_YOUR GOAL_
The answer must be every line from the entries below that contains "Require".

- - - - -

(* Let $\boldsymbol{u}^\star=(1,1)^{\mathrm T}$ and $f(\boldsymbol{u})=\frac12\|\boldsymbol{u}\boldsymbol{u}^{\mathrm T}-\boldsymbol{u}^\star{\boldsymbol{u}^\star}^{\mathrm T}\|_1$ on $\mathbb{R}^2$. Then $\boldsymbol{u}_0:=(-1,1)^{\mathrm T}$ is a stationary point of $f$ that is not a global minimizer, and for no integer $p\ge1$ does there exist an active $C^p$-manifold for $f$ around $\boldsymbol{u}_0$.
   Context: $\|\cdot\|_1$ is the entrywise $\ell_1$-norm; $\partial f$ denotes the subdifferential (Fréchet = limiting = Clarke for this $f$). Active manifold: given $g:\mathbb{R}^d\to\mathbb{R}$ and $\bar{\boldsymbol{x}}$ with $\boldsymbol{0}\in\partial g(\bar{\boldsymbol{x}})$, a set $\mathbb{M}\subseteq\mathbb{R}^d$ containing $\bar{\boldsymbol{x}}$ is an active $C^p$-manifold around $\bar{\boldsymbol{x}}$ if there is $\varepsilon>0$ such that: (smoothness) $\mathbb{M}$ intersected with the open ball of radius $\varepsilon$ around $\bar{\boldsymbol{x}}$ is a $C^p$-smooth embedded submanifold of $\mathbb{R}^d$, and the restriction of $g$ to $\mathbb{M}$ is $C^p$-smooth near $\bar{\boldsymbol{x}}$ (i.e., agrees on $\mathbb{M}$ near $\bar{\boldsymbol{x}}$ with a $C^p$-smooth function defined on a neighborhood of $\bar{\boldsymbol{x}}$); (sharpness) $\inf\{\|\boldsymbol{v}\|:\boldsymbol{v}\in\partial g(\boldsymbol{x}),\ \boldsymbol{x}\in\mathbb{U}\setminus\mathbb{M}\}>0$, where $\mathbb{U}=\{\boldsymbol{x}:\|\boldsymbol{x}-\bar{\boldsymbol{x}}\|<\varepsilon,\ |g(\boldsymbol{x})-g(\bar{\boldsymbol{x}})|<\varepsilon\}$. *)

From Stdlib Require Import Reals.
From Coquelicot Require Import Coquelicot.
Open Scope R_scope.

- - - - -

_SOLUTION TO THE PROBLEM_
From Stdlib Require Import Reals.
From Coquelicot Require Import Coquelicot.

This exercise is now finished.